A group of youth involved in the religious-Zionist Bnei Akiva program have started organized prayers on behalf of Syrian civilians who are at risk due to the ongoing civil war in their country. The prayer initiative, which began in Petach Tikva, has now spread to Jewish communities around the world.
Bnei Akiva volunteers who are doing a year of national civilian service in Petach Tikva came up with the idea of coordinating prayers on behalf of innocent Syrians.
While Judaism teaches that any individual can pray to G-d and be heard, prayers said together as a group can have special power. The young volunteers also wished to have a formal prayer to say, in order to ask for divine mercy with the best possible wording.
They asked Rabbi Yuval Cherlow, a leading figure in the religious-Zionist world and the head of the Petach Tikva hesder yeshiva, to help them find the ideal wording for their request for divine assistance for Syrian civilians.
Rabbi Cherlow suggested that Psalm 37 and Psalm 120 would be particularly appropriate for the occasion. Both psalms speak of the plight of the innocent righteous when evil men plot against them.
Rabbi Cherlow also revealed that he has written his own prayer for the Syrian people. He passed it along to the young volunteers, and told them they could share it with others.

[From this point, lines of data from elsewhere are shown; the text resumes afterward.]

(* Let $\lambda\in ba(\mathcal A)$, $\mathscr M\subset ba(\mathcal A,\lambda)$, and let $\mathscr H_0\subset\mathcal A$ generate the ring $\mathscr H$. There exist $H_1,H_2,\ldots\in\mathscr H_0$ such that, with $G_n=H_n\setminus\bigcup_{k<n}H_k$ and $G=\bigcap_nH_n^c$, $$|\mu|^*(H\cap G)=0\quad\text{and}\quad\mu(A\cap H)=\sum_n\mu(A\cap H\cap G_n)\qquad\mu\in\mathscr M,\ A\in\mathcal A,\ H\in\mathscr H.$$ Moreover: (i) if $\mu\in\mathscr M$ is $\mathscr H_0$-inner regular, then $\mu(A)=\sum_n\mu(A\cap G_n)$ for all $A\in\mathcal A$; (ii) if $\mathscr H_0$ is closed under countable unions, then $\mu(A)=\mu(A\cap G)+\sum_n\mu(A\cap G_n)$ for all $\mu\in\mathscr M$, $A\in\mathcal A$.
   Context: $\mathcal A$ algebra of subsets of $\Omega$; $ba(\mathcal A)$ bounded finitely additive real set functions, $|\mu|$ total variation, $\mu^+,\mu^-$ positive and negative parts. $ba(\mathcal A,\lambda)=\{\mu:\mu\ll\lambda\}$, where $\mu\ll\lambda$ means for every $\varepsilon>0$ there is $\delta>0$ with $|\lambda|(A)<\delta\Rightarrow|\mu|(A)<\varepsilon$. $|\mu|^*(E)=\inf\{|\mu|(A):A\in\mathcal A,\ E\subset A\}$ is the outer measure for $E\subset\Omega$. $\mu$ is $\mathscr H_0$-inner regular if $\mu^+(A)=\sup\{\mu(H):H\in\mathscr H_0,\ H\subset A\}$ and $\mu^-(A)=\sup\{-\mu(H):H\in\mathscr H_0,\ H\subset A\}$ for all $A\in\mathcal A$. *)

From Stdlib Require Import Reals List ClassicalEpsilon.
Open Scope R_scope.

Definition set (T : Type) := T -> Prop.

Definition setI {T} (A B : set T) : set T := fun x => A x /\ B x.
Definition setU {T} (A B : set T) : set T := fun x => A x \/ B x.
Definition setD {T} (A B : set T) : set T := fun x => A x /\ ~ B x.
Definition setC {T} (A : set T) : set T := fun x => ~ A x.
Definition set0 {T} : set T := fun _ => False.
Definition setT {T} : set T := fun _ => True.
Definition subset {T} (A B : set T) : Prop := forall x, A x -> B x.
Definition disjoint {T} (A B : set T) : Prop := forall x, A x -> B x -> False.

Definition is_algebra {T} (Alg : set T -> Prop) : Prop :=
  Alg setT /\ (forall A, Alg A -> Alg (setC A)) /\
  (forall A B, Alg A -> Alg B -> Alg (setU A B)).

Definition is_ring {T} (Rg : set T -> Prop) : Prop :=
  Rg set0 /\ (forall A B, Rg A -> Rg B -> Rg (setU A B)) /\
  (forall A B, Rg A -> Rg B -> Rg (setD A B)).

Definition gen_ring {T} (H0 : set T -> Prop) (H : set T) : Prop :=
  forall Rg, is_ring Rg -> (forall X, H0 X -> Rg X) -> Rg H.

Definition is_ba {T} (Alg : set T -> Prop) (mu : set T -> R) : Prop :=
  (forall A B, Alg A -> Alg B -> disjoint A B -> mu (setU A B) = mu A + mu B) /\
  (exists K, forall A, Alg A -> Rabs (mu A) <= K).

(* Supremum / infimum of a set of reals (chosen; meaningful when they exist). *)
Definition is_glb (E : R -> Prop) (m : R) : Prop :=
  (forall x, E x -> m <= x) /\ (forall b, (forall x, E x -> b <= x) -> b <= m).
Definition Rsup (E : R -> Prop) : R := epsilon (inhabits 0) (fun m => is_lub E m).
Definition Rinf (E : R -> Prop) : R := epsilon (inhabits 0) (fun m => is_glb E m).

Definition is_partition {T} (Alg : set T -> Prop) (A : set T) (l : list (set T)) : Prop :=
  Forall Alg l /\
  (forall x, A x <-> exists B, In B l /\ B x) /\
  (forall i j, (i < length l)%nat -> (j < length l)%nat -> i <> j ->
     disjoint (nth i l set0) (nth j l set0)).

Definition totvar {T} (Alg : set T -> Prop) (mu : set T -> R) (A : set T) : R :=
  Rsup (fun r => exists l, is_partition Alg A l /\
                  r = fold_right Rplus 0 (map (fun B => Rabs (mu B)) l)).

Definition mu_pos {T} (Alg : set T -> Prop) (mu : set T -> R) (A : set T) : R :=
  Rsup (fun r => exists B, Alg B /\ subset B A /\ r = mu B).
Definition mu_neg {T} (Alg : set T -> Prop) (mu : set T -> R) (A : set T) : R :=
  Rsup (fun r => exists B, Alg B /\ subset B A /\ r = - mu B).

Definition abs_cont {T} (Alg : set T -> Prop) (mu lam : set T -> R) : Prop :=
  forall eps, eps > 0 -> exists delta, delta > 0 /\
    forall A, Alg A -> totvar Alg lam A < delta -> totvar Alg mu A < eps.

Definition outer {T} (Alg : set T -> Prop) (mu : set T -> R) (E : set T) : R :=
  Rinf (fun r => exists A, Alg A /\ subset E A /\ r = totvar Alg mu A).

The rabbi praised the young volunteers for their initiative.
The secretary-general Danny Hirshberg heard of the initiative and was so inspired by the idea that he decided the movement as a whole should take part. Hirshberg called on Bnei Akiva youth in Israel and around the world, and on the Jewish community as a whole, to say a special prayer in synagogues this Sabbath for Syrian civilians.
“The Israeli public needs to look beyond the screen of hate and enmity to see the pain of those civilians being hurt by the Syrian tyrant,” Hirshberg said.
A translation of Rabbi Cherlow’s prayer:
We turn to You in prayer that You may awaken in the murderers mercy and simple humanity, and the recognition that we were all created in G-d’s image, and that even cruelty has its limits. And that You appear in the world as it is written in Your Torah, ‘Whoso sheddeth man's blood, by man shall his blood be shed; for in the image of God made He man.’